吻了几下,肖爷所有的热情都被浇灭,突突跳动着的小怪兽紧紧抵着很不甘心。无奈叹气,翻身将女人捞在自己的胸前,伸手拿过床头柜上的电话接起。
”喂……什么?不回!“黑了脸的男人掐断电话,抬手就把电话砸了出去,”SHIT!“爆骂一声,将女人往上面一提,头抵着女人的肩窝,吸着她的体香,还在轻喘。
听男人恶劣的口气,也不敢去问男人谁的电话,发生了什么事。肖爷的事儿,她一向没过问。看看时间,这一折腾,也来不及了。
推推男人,何菲儿在他耳边低语:”该起床了,一会儿来不及了……啊……“还没说完话,就觉得一阵翻滚,男人大逆转,压在了上面。
”别闹了,上班了。“瞅着男人眼里跳跃得正欢实的火苗,女人也带着些无奈地提醒。”噢……“闭眼,男人哀叹,把头埋进女人的柔软,不肯起来。良久胸前传来闷闷的声音,”爷想得快疯了……“
她知道!叹了口气,她也很无奈。即使今早没有那个催命的电话,她也不能满足他呀。每次挑起了男人的火苗,却又不能让他彻底灭火,她都有些内伤了。何况,在一起这么久,爷每天必须的床上运动,已经成了习惯,她自认不是那种贪、淫的女人,但是似乎在男人的带动下,她羞愧地承认,其实几天没做,她也想了……
忽地,男人抬头,一双眼睛死死盯着她,”妞,你也想吧!“不是问,而是肯定。何菲儿脸上一红,本能地要否认,还没说出口,”啊……“她就惊呼出声。
男人已经恶意地往那儿一探,然后坏笑着说:”别想撒谎,你的身体比你诚实多了。“被男人这样赤裸裸地道破心里,何菲儿窘迫得想钻床底下去。
男人似乎很开心,低头轻啄了她的红唇,”别害羞,爷喜欢……“末了带着些委屈地撇嘴,”还得等多久?“
那样子像极了一个要糖吃的可怜孩子。
何菲儿呼吸一窒,带着些歉意安慰,”就快了啊……别急……“主动吻吻男人的唇,让他耐心等待。

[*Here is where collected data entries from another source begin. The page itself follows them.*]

(* If a negative vertex x has a negative edge to a positive vertex w, then
   the partner of x is positively joined to every other positive vertex u:
   otherwise rematching {x, p x}, {w, p w} and then {p x, p w}, {u, p u}
   lowers the weight by 4. *)
Lemma minus_partner_pos x w u :
  x \in minus -> w \in plus_nbrs x -> u \in plus -> u != w -> s (p x) u = 1.
Proof.
move=> x_minus /plus_nbrsP [w_plus /eqP xw_neg] u_plus u_w.
have px_u : p x != u by rewrite eq_sym plus_minus_partner_neq.
have [//|px_u_neg] := s_pm1 px_u; exfalso.
have x_w : x != w by rewrite eq_sym plus_minus_neq.
have w_px : w != p x by rewrite plus_minus_partner_neq.
have r_inv := rematch_fpf p_inv x_w w_px.
have r_weight := weight_rematch p_inv x_w w_px.
rewrite (minus_edge x_minus) (plus_edge w_plus) xw_neg in r_weight.
case: (eqVneq u (p w)) => [u_pw | u_pw].
  by apply: (no_weight_drop r_inv); rewrite r_weight -u_pw px_u_neg; ring.
have r_px : rematch p x w (p x) = p w by rewrite (rematch_pa p_inv x_w w_px).
have r_u : rematch p x w u = p u.
  have u_x := plus_minus_neq u_plus x_minus.
  by apply: rematch_other; rewrite // eq_sym.
have u_rpx : u != rematch p x w (p x) by rewrite r_px.
have pw_pu : s (p w) (p u) = 1.
  by apply: plus_clique; rewrite ?partner_plus ?p_eq 1?eq_sym.
apply: (no_weight_drop (rematch_fpf r_inv px_u u_rpx)).
by rewrite weight_rematch // r_px r_u r_weight (plus_edge u_plus) px_u_neg pw_pu; ring.
Qed.

Lemma weight_plus_minus : weight p = #|plus|%:Z - #|minus|%:Z.
Proof.
rewrite /weight (bigID (mem plus)) /=.
rewrite (eq_bigr (fun=> 1)); last by move=> v; apply: plus_edge.
have -> : \sum_(x | x \notin plus) s x (p x) = \sum_(x in minus) (-1 : int).
  by rewrite (eq_bigl (mem minus)) => [|x]; [apply: eq_bigr => x; apply: minus_edge | rewrite /= in_setC].
by rewrite !sumr_const mulNrn !natz.
Qed.

(* Counting negative edges: every such edge meets a negative vertex. *)
Section Counting.
Local Open Scope nat_scope.

Definition minus_deg x := #|[set v in minus | (v != x) && neg_adj x v]|.

Lemma neg_deg_plus u : u \in plus -> neg_deg u = #|[set x in minus | neg_adj u x]|.
Proof.
move=> u_plus; apply: eq_card => v; rewrite [LHS]in_set [RHS]in_set.
case: (boolP (v \in minus)) => v_minus /=; first by rewrite eq_sym plus_minus_neq.
case: (eqVneq v u) => //= vu.
have v_plus : v \in plus by move: v_minus; rewrite in_setC negbK.
by rewrite /neg_adj plus_clique 1?eq_sym.
Qed.

Lemma neg_deg_minus x : x \in minus -> neg_deg x = plus_deg x + minus_deg x.
Proof.
move=> x_minus; rewrite /neg_deg -(cardsID plus); congr (_ + _).
  apply: eq_card => v; rewrite in_setI in_set [in RHS]in_set.
  case: (boolP (v \in plus)) => v_plus /=; last by rewrite andbF.
  by rewrite andbT plus_minus_neq.
by apply: eq_card => v; rewrite in_setD in_set [in RHS]in_set in_setC andbC.
Qed.

(* Each negative plus-minus edge is counted once at each end. *)
Lemma neg_deg_sum_split :
  \sum_u neg_deg u = 2 * \sum_(x in minus) plus_deg x + \sum_(x in minus) minus_deg x.
Proof.
have plus_sum : \sum_(u in plus) neg_deg u = \sum_(x in minus) plus_deg x.
  rewrite (eq_bigr (fun u => \sum_(x in minus) neg_adj u x)); last first.
    by move=> u u_plus; rewrite neg_deg_plus // card_sep.
  rewrite exchange_big; apply: eq_bigr => x _.
  by rewrite /plus_deg /plus_nbrs card_sep; apply: eq_bigr => u _; rewrite neg_adjC.
rewrite (bigID (mem plus)) /= plus_sum.
have -> : \sum_(x | x \notin plus) neg_deg x = \sum_(x in minus) neg_deg x.
  by apply: eq_bigl => x; rewrite in_setC.
rewrite (eq_bigr _ neg_deg_minus) big_split /=; lia.
Qed.

End Counting.

End MinimumWeight.

Section HeavyVertices.
Variable p : T -> T.
Hypothesis p_inv : fpf_involution p.
Hypothesis p_min : forall q, fpf_involution q -> weight p <= weight q.

Definition heavy := [set x in minus p | (1 < plus_deg p x)%N].
Definition heavy_partners := p @: heavy.

Lemma heavyP x : reflect (x \in minus p /\ (1 < plus_deg p x)%N) (x \in heavy).
Proof. by rewrite /heavy in_set; apply: andP. Qed.

Lemma heavy_nbr x u : x \in heavy -> exists2 w, w \in plus_nbrs p x & w != u.
Proof.
case/heavyP => _ deg_x; have : (0 < #|plus_nbrs p x :\ u|)%N.
  by move: deg_x; rewrite /plus_deg (cardsD1 u); case: (u \in plus_nbrs p x) => /=; lia.
by case/card_gt0P => w; rewrite in_setD1 => /andP [wu w_nbr]; exists w.
Qed.

Lemma heavy_partner_plus x u : x \in heavy -> u \in plus p -> s (p x) u = 1.
Proof.
move=> x_heavy u_plus; have [x_minus _] := heavyP _ x_heavy.
have [w w_nbr w_u] := heavy_nbr u x_heavy.
by apply: (minus_partner_pos p_inv p_min x_minus w_nbr); rewrite // eq_sym.
Qed.

(* Take negative edges x1 u1, x2 u2 to positive vertices, u1 != u2.
   Rematching {x1, p x1}, {u1, p u1} into {x1, u1}, {p x1, p u1} keeps the
   weight minimal; in the new matching x2 is still negative with the
   negative edge x2 u2, and p x1 is positive, so minus_partner_pos applies. *)
Lemma heavy_partners_pos x1 x2 :
  x1 \in heavy -> x2 \in heavy -> x1 != x2 -> s (p x1) (p x2) = 1.
Proof.
move=> x1_heavy x2_heavy x12.
have [[x1_minus _] [x2_minus _]] := (heavyP _ x1_heavy, heavyP _ x2_heavy).
have [u1 u1_nbr _] := heavy_nbr x1 x1_heavy.
have [u2 u2_nbr u21] := heavy_nbr u1 x2_heavy.
move/plus_nbrsP: (u1_nbr) => [u1_plus /eqP x1u1_neg].
move/plus_nbrsP: (u2_nbr) => [u2_plus x2u2_neg].
have pu1_plus : p u1 \in plus p by rewrite (partner_plus p_inv).
have y1_pu1 : s (p x1) (p u1) = 1 := heavy_partner_plus x1_heavy pu1_plus.
have x1_u1 : x1 != u1 by rewrite eq_sym (plus_minus_neq u1_plus x1_minus).
have u1_y1 : u1 != p x1 := plus_minus_partner_neq p_inv u1_plus x1_minus.
set r := rematch p x1 u1.
have r_inv : fpf_involution r := rematch_fpf p_inv x1_u1 u1_y1.
have r_min q : fpf_involution q -> weight r <= weight q.
  have -> : weight r = weight p.
    rewrite weight_rematch // (minus_edge p_inv x1_minus) (plus_edge u1_plus).
    by rewrite x1u1_neg y1_pu1; ring.
  exact: p_min.
have r_y1 : r (p x1) = p u1 by rewrite /r (rematch_pa p_inv x1_u1 u1_y1).
have r_x2 : r x2 = p x2.
  have x2_u1 := plus_minus_neq u1_plus x2_minus.
  have x2_pu1 : x2 != p u1 by rewrite eq_sym (plus_minus_neq pu1_plus x2_minus).
  have x2_y1 : x2 != p x1.
    apply/eqP => x2_y1; have := heavy_partner_plus x2_heavy u1_plus.
    by rewrite x2_y1 (fpf_invK p_inv) x1u1_neg.
  by rewrite /r rematch_other // 1?eq_sym.
have x2_minus_r : x2 \in minus r by rewrite !inE r_x2 (minus_edge p_inv x2_minus).
have y1_plus_r : p x1 \in plus r by rewrite inE r_y1 y1_pu1.
have u2_nbr_r : u2 \in plus_nbrs r x2.
  apply/plus_nbrsP; split => //; rewrite inE.
  case: (eqVneq u2 (p u1)) => [->|u2_pu1].
    by rewrite /r (rematch_pb p_inv x1_u1 u1_y1) s_sym y1_pu1.
  have u2_x1 := plus_minus_neq u2_plus x1_minus.
  have u2_y1 := plus_minus_partner_neq p_inv u2_plus x1_minus.
  by rewrite /r rematch_other // (plus_edge u2_plus).
have y1_u2 : p x1 != u2 by rewrite eq_sym (plus_minus_partner_neq p_inv u2_plus x1_minus).
have := minus_partner_pos r_inv r_min x2_minus_r u2_nbr_r y1_plus_r y1_u2.
by rewrite r_x2 s_sym.
Qed.

Section HeavyCounting.
Local Open Scope nat_scope.

Lemma heavy_sub : heavy \subset minus p.
Proof. by apply/subsetP => x /heavyP []. Qed.

Lemma heavy_partners_sub : heavy_partners \subset minus p.
Proof.
by apply/subsetP => _ /imsetP [x /heavyP [x_minus _] ->]; rewrite (partner_minus p_inv).
Qed.

Lemma card_heavy_partners : #|heavy_partners| = #|heavy|.
Proof. exact: card_imset (fpf_inj p_inv). Qed.

Lemma plus_deg_partner x : x \in heavy_partners -> plus_deg p x = 0.
Proof.
case/imsetP => h h_heavy ->; apply/eqP; rewrite cards_eq0; apply/eqP/setP => u.
rewrite in_set0 /plus_nbrs in_set; apply/negbTE; rewrite negb_and.
by case: (boolP (u \in plus p)) => //= u_plus; rewrite /neg_adj heavy_partner_plus.
Qed.

Lemma heavy_partners_disjoint : [disjoint heavy & heavy_partners].
Proof.
apply/pred0P => x /=; apply/negbTE; apply/andP => -[/heavyP [_ deg_x] x_partner].
by rewrite plus_deg_partner in deg_x.
Qed.

Lemma card_heavy_union : #|heavy :|: heavy_partners| = 2 * #|heavy|.
Proof.
have := cardsUI heavy heavy_partners.
by rewrite (disjoint_setI0 heavy_partners_disjoint) cards0 addn0 card_heavy_partners addnn -mul2n.
Qed.

Lemma heavy_union_sub : heavy :|: heavy_partners \subset minus p.
Proof. by rewrite subUset heavy_sub heavy_partners_sub. Qed.

Lemma card_heavy_le : 2 * #|heavy| <= #|minus p|.
Proof. by rewrite -card_heavy_union subset_leq_card // heavy_union_sub. Qed.

(* Heavy vertices have at most #|plus p| positive negative-neighbours, their
   partners none, and the remaining negative vertices at most one. *)
Lemma plus_deg_sum_bound :
  \sum_(x in minus p) plus_deg p x <= #|heavy| * #|plus p| + (#|minus p| - 2 * #|heavy|).
Proof.
set rest := minus p :\: (heavy :|: heavy_partners).
have card_rest : #|rest| = #|minus p| - 2 * #|heavy|.
  by rewrite cardsD (setIidPr heavy_union_sub) card_heavy_union.
apply: (@leq_trans (\sum_(x in minus p) ((x \in heavy) * #|plus p| + (x \in rest)))).
  apply: leq_sum => x x_minus; case: (boolP (x \in heavy)) => x_heavy /=.
    rewrite mul1n (leq_trans _ (leq_addr _ _)) // subset_leq_card //.
    by apply/subsetP => u; rewrite in_set => /andP [].
  case: (boolP (x \in heavy_partners)) => x_partner; first by rewrite plus_deg_partner.
  have -> : x \in rest by rewrite in_setD in_setU x_minus (negbTE x_heavy) (negbTE x_partner).
  by move: x_heavy; rewrite /heavy in_set x_minus /= -leqNgt.
rewrite big_split /= -big_distrl /= !sum_mem ?heavy_sub ?subsetDl //.
by rewrite card_rest.
Qed.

又腻乎了好一会儿,两人才火烧屁股似的起床,洗漱,做饭,上班。
踏进‘周末’在门口就遇到了李社长,何菲儿还没来得及打招呼,社长就笑眯眯地对她喊道:”菲儿来了?“眼光不由自主地往她身后已经离去的迈巴赫瞄去。
掀唇,甜笑:”嗯……社长早啊。“就要抬腿进去,看社长望着她似乎欲言又止的样子,于是她好心问:”社长,你还有话要说?“
”嘿嘿……“社长憨厚地一笑,有些不好意思,不过一脸的慈祥特别让人窝心,”有人……接送你上下班?“
语气里带着疑问,更多的是肯定。
惊!何菲儿晃了晃神,难道他已经知道了?
脸上一阵泛白,不知怎么答才好,社长又急急地补充:”我没别的意思,就是看你单纯善良,担心你吃亏……“不自在地抓抓头,觉得有点管闲事了。
呼……轻轻嘘口气,何菲儿心下放松,又很感激。这个男人像爸爸,虽然没有血缘关系,但是在这里,只有他真心关心她。
”谢谢社长。“点点头,何菲儿报以感激的一瞥,即向里面走,身后再次传来社长带着些沉重的声音,”那种家族很复杂……你自己要保护好自己。“
脚步停住,心惊于社长敏锐的观察力,想来他是知道接送她上下班的人是谁,不过,她没有丝毫的担心,扭身,真诚地说:”我会的!“
今儿天气好,肖爷的天空也晴朗,何菲儿心情自然不错,笑吟吟地跨入办公室,却不知有场巨大的龙卷风已经把她卷进了漩涡。
呃!
咋回事儿?
今儿每个人见到她,都掩嘴偷笑,而且看她的那眼神儿说不出的诡异,暧昧。见她走过来,聚在一堆窃窃私语的人群即散开,等她走过了,又凑拢了一堆。
哼!
何菲儿鄙夷着,她最讨厌这些八卦的人民。
昂首,直接跨进办公室,同事们见她来了,那眼神儿斜睨了她一眼,也不像往常那样热情地和她招呼,低头,各人工作。
咦!她怎么瞧着那眼神儿里似乎带着几分鄙夷?
狐疑地扫了一圈也没人理她。好吧,她也是有骨气的,不会巴巴儿地个人贴上去,求爱抚。
坐下,把包搁桌上,入目的东西让她倒抽一口凉气。颤抖着手拿起杂志,眼珠子差点掉了下来。
画面既暧昧又让人瞬间有脑溢血的冲动。
昨儿,昨儿的意外,今儿居然上杂志了!封面上清晰的画面,把她这个淫、荡女人形象凸显得很分明。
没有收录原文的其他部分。